Controlling Health Care Costs

Issues in Science and Technology, Summer 2008 | Go to article overview

Controlling Health Care Costs


Robert Louis Stevenson wrote, "These are my politics: to change what we can; to better what we can." Health care in the 21st century requires a change from old ways of thinking and doing business to better the lives of all Americans.

The articles by Peter Orszag ("Time to Act on Health Care Costs") and Elliott S. Fisher ("Learning to Deliver Better Health Care") in the Spring 2008 Issues are just two of the growing number of articles discussing the broken health care system in America. Orszag reports that the runaway costs of the Medicare program are attributed to the rising costs per beneficiary, not solely to the increasing numbers of older adults. Fisher rightly states that this increased cost, due to more frequent physician visits and hospitalizations, referrals to multiple specialists, and frequent use of advanced imaging services, varies across the country and does not better the lives of patients. Perversely, higher spending seems to lead to less satisfaction with care and worse health outcomes.
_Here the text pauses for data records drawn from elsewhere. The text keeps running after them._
Lemma pot_nonneg u : 0 <= u -> 0 <= pot u.
Proof.
  intros; unfold pot, sup_bound; pose proof sqrt2_bounds; pose proof rho_bounds.
  apply Rmin_glb; nra.
Qed.

Lemma pot_step u : 0 <= u <= 1 / 2 -> u + rho * pot (tent_map u) <= pot u.
Proof.
  intros Hu; pose proof (tent_map_range u Hu); pose proof rho_bounds.
  assert (Hsup : rho * pot (tent_map u) <= (sqrt 2 + 1) / 3).
  { replace ((sqrt 2 + 1) / 3) with (rho * sup_bound)
      by (unfold rho, sup_bound; pose proof sqrt2_sq; lra).
    apply Rmult_le_compat_l; [lra | apply pot_le_sup]. }
  assert (Hlin : rho * pot (tent_map u) <= (2 * sqrt 2 + 1) / 6 + tent_map u / 2).
  { replace ((2 * sqrt 2 + 1) / 6 + tent_map u / 2)
      with (rho * ((4 + sqrt 2) / 6 + rho * tent_map u))
      by (rewrite Rmult_plus_distr_l, <- Rmult_assoc, rho_sq; unfold rho;
          pose proof sqrt2_sq; lra).
    apply Rmult_le_compat_l; [lra | apply Rmin_r]. }
  assert (tent_map u <= 2 * u) by apply Rmin_l.
  assert (tent_map u <= 1 - 2 * u) by apply Rmin_r.
  pose proof sqrt2_bounds; unfold pot at 2, sup_bound; apply Rmin_glb.
  - destruct (Rle_or_lt u (1 / 3)); lra.
  - destruct (Rle_or_lt u (1 / 6)); [| destruct (Rle_or_lt u (1 / 3))].
    + assert ((rho - 0.705) * u >= 0) by nra; unfold rho in *; lra.
    + assert ((1 - rho) * (1 / 3 - u) >= 0) by nra; unfold rho in *; lra.
    + assert (rho * (u - 1 / 3) >= 0) by nra; unfold rho in *; lra.
Qed.

Lemma osc_split u v : 0 <= u <= 1 / 2 -> 0 <= v <= 1 / 2 ->
  Rabs (u - v) + rho * (pot (tent_map u) + pot (tent_map v)) <= osc_bound.
Proof.
  intros Hu Hv; pose proof rho_bounds.
  assert (Hlin : rho * (pot (tent_map u) + pot (tent_map v))
                 <= (2 * sqrt 2 + 1) / 3 + (tent_map u + tent_map v) / 2).
  { replace ((2 * sqrt 2 + 1) / 3 + (tent_map u + tent_map v) / 2)
      with (rho * (((4 + sqrt 2) / 6 + rho * tent_map u)
                   + ((4 + sqrt 2) / 6 + rho * tent_map v)))
      by (rewrite !Rmult_plus_distr_l, <- !Rmult_assoc, rho_sq;
          unfold rho; pose proof sqrt2_sq; lra).
    apply Rmult_le_compat_l; [lra |]; apply Rplus_le_compat; apply Rmin_r. }
  assert (tent_map u <= 2 * u) by apply Rmin_l.
  assert (tent_map u <= 1 - 2 * u) by apply Rmin_r.
  assert (tent_map v <= 2 * v) by apply Rmin_l.
  assert (tent_map v <= 1 - 2 * v) by apply Rmin_r.
  unfold osc_bound, Rabs; destruct Rcase_abs; lra.
Qed.
Lemma kummer_principal_direction_iff p b : \rank (Om p) = 2%N -> b != 0 ->
  kummer_principal_direction Om x Dl p b <-> principal_jacobian p b = 0.
Proof.
move=> Om_rank b_neq0; set A := kummer_mx p; set I := Iform Om p.
pose r u v := qform (A 0 0) ((A 0 1 + A 1 0) / 2) (A 1 1) u v
  / qform (I 0 0) (I 0 1) (I 1 1) u v.
have KqE c : Kq Om x Dl p c = r (c 0 0) (c 1 0) by rewrite Kq_qform.
have b_nz : (b 0 0 != 0) || (b 1 0 != 0) by rewrite -cV2_neq0.
rewrite /principal_jacobian -/A -/I.
rewrite -(qform_ratio_extremal_iff _ _ _ (Iform_qform_gt0 Om_rank) b_nz).
split=> [[_ [le_b|ge_b]]|[le_b|ge_b]].
- by left; apply/forall_cV2_neq0 => c /le_b; rewrite !KqE; apply.
- by right; apply/forall_cV2_neq0 => c /ge_b; rewrite !KqE; apply.
- by split=> //; left=> c; rewrite cV2_neq0 !KqE; apply: le_b.
- by split=> //; right=> c; rewrite cV2_neq0 !KqE; apply: ge_b.
Qed.


Lemma KEFG_Iform p :
  [/\ KE Om p = Iform Om p 0 0, KF Om p = Iform Om p 0 1 & KG Om p = Iform Om p 1 1].
Proof. by rewrite !Iform_entry. Qed.

Lemma KLMN_IIform p : [/\ KL Om x p = IIform Om x p 0 0,
  KM1 Om x p = IIform Om x p 0 1, KM2 Om x p = IIform Om x p 1 0
  & KN Om x p = IIform Om x p 1 1].
Proof. by rewrite !IIform_entry. Qed.

Lemma principal_eqE a t :
  principal_eq Om x Dl a t = 2 * principal_jacobian (a t) (bvec Dl a t).
Proof.
rewrite /principal_eq /principal_jacobian /C1 /C2 /C3 /kummer_mx /bvec /=.
have [-> -> ->] := KEFG_Iform (a t).
have [-> -> -> ->] := KLMN_IIform (a t).
move: (Iform Om (a t)) (IIform Om x (a t)) (Dl (a t)) (derive1 a t) => I II D v.
by rewrite !mulmx2E adj_mx2 !mxE /= /qform_jacobian; field.
Qed.

Lemma principal_eq_normalE a t : let p := a t in let b := bvec Dl a t in
  principal_eq_normal Om x Dl a t = principal_jacobian p b
    + (kummer_mx p 1 0 - kummer_mx p 0 1) / 2 * (b^T *m Iform Om p *m b) 0 0.
Proof.
have vD : derive1 a t *m Dl (a t) = (bvec Dl a t)^T by rewrite trmx_mul !trmxK.
rewrite /principal_eq_normal /principal_jacobian /kummer_mx /= vD -mulmxA -/(bvec _ _ _).
have := Iform_sym (a t).
move: (Iform Om (a t)) (IIform Om x (a t)) (Dl (a t)) (bvec Dl a t) => I II D b I_sym.
by rewrite !adj_mx2 /Pmx !mulmx2E !mxE /= I_sym /qform_jacobian; field.
Qed.

Lemma kummer_principal_line_iff (I : set R) a :
  (forall t, I t -> \rank (Om (a t)) = 2%N) ->
  kummer_principal_line I Om x Dl a <->
  (forall t, I t -> principal_jacobian (a t) (bvec Dl a t) = 0).
Proof.
move=> Om_rank; split=> line t It.
- have [->|b_neq0] := eqVneq (bvec Dl a t) 0; first exact: principal_jacobian0.
  exact/(kummer_principal_direction_iff (Om_rank t It) b_neq0)/line.
- by move=> b_neq0; apply/(kummer_principal_direction_iff (Om_rank t It) b_neq0)/line.
Qed.

End KummerForms.

Theorem proposition4p4 (R : realType) (U : set 'rV[R]_2)
  (x xi : 'rV[R]_2 -> 'cV[R]_3) (Om : 'rV[R]_2 -> 'M[R]_(3, 2))
  (Dl : 'rV[R]_2 -> 'M[R]_2) :
  open U -> smooth_on U x ->
  (forall p, U p -> dot (xi p) (xi p) = 1) ->
  proper_frontal U xi ->
  tangent_moving_basis U xi Om ->
  (forall p, U p -> jac xi p = Om p *m (Dl p)^T) ->
  forall (I : set R) (a : R -> 'rV[R]_2),
    open I -> smooth_curve_on I a -> (forall t, I t -> U (a t)) ->
    (kummer_principal_line I Om x Dl a <->
       (forall t, I t -> principal_eq Om x Dl a t = 0)) /\
    (normal_congruence U Om x Dl ->
       (kummer_principal_line I Om x Dl a <->
          (forall t, I t -> principal_eq_normal Om x Dl a t = 0))).
Proof.
move=> _ _ _ _ [_ Om_basis] _ I a _ _ aU.
have Om_rank t : I t -> \rank (Om (a t)) = 2%N.
  by move=> It; have [] := Om_basis _ (aU t It).
rewrite (kummer_principal_line_iff x Dl Om_rank); split.
  split=> eq0 t It; first by rewrite principal_eqE eq0 ?mulr0.
  by have /eqP := eq0 t It; rewrite principal_eqE mulf_eq0 pnatr_eq0 => /eqP.
move=> normal.
have skew0 t : I t -> kummer_mx Om x Dl (a t) 1 0 = kummer_mx Om x Dl (a t) 0 1.
  move=> It; have := congr1 (fun M : 'M[R]_2 => M 0 1) (normal _ (aU t It)).
  by rewrite /= mxE.
by split=> eq0 t It; have := eq0 t It;
  rewrite principal_eq_normalE /= skew0 // subrr !mul0r addr0.
Qed.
Fortunately, it is possible to improve the health of individuals, families, and communities while controlling costs. Congress is acting to immediately introduce legislation to improve the care that Medicare beneficiaries receive. For example, it is my hope that Medicare legislation that Congress intends to pass this year will include policies to improve the quality of care patients receive and increase access to health promotion and disease prevention services. Further, the Senate Committee on Finance has set an aggressive agenda of hearings this year to identify additional strategies for health care reform. As part of this series, on June 16, we will convene a full-day Health Summit to bring together health care leaders and Congress to explore viable strategies to improve the health of Americans.

The demand for health care reform goes beyond Medicare and Medicaid. The overall quality and cost of care must be addressed. Public and private payment systems can be tools used to obtain more appropriate health care while controlling costs. Payment should support clinical decisions based on the best available evidence, instead of irregular local practices. The judicious and appropriate use of technology will improve the lives of Americans and stimulate innovation. Because approximately three-fourths of the health care dollar goes to treating the complications of chronic illness, preventing disease and carefully managing chronic conditions are vital, and we should target the most expensive medical conditions first.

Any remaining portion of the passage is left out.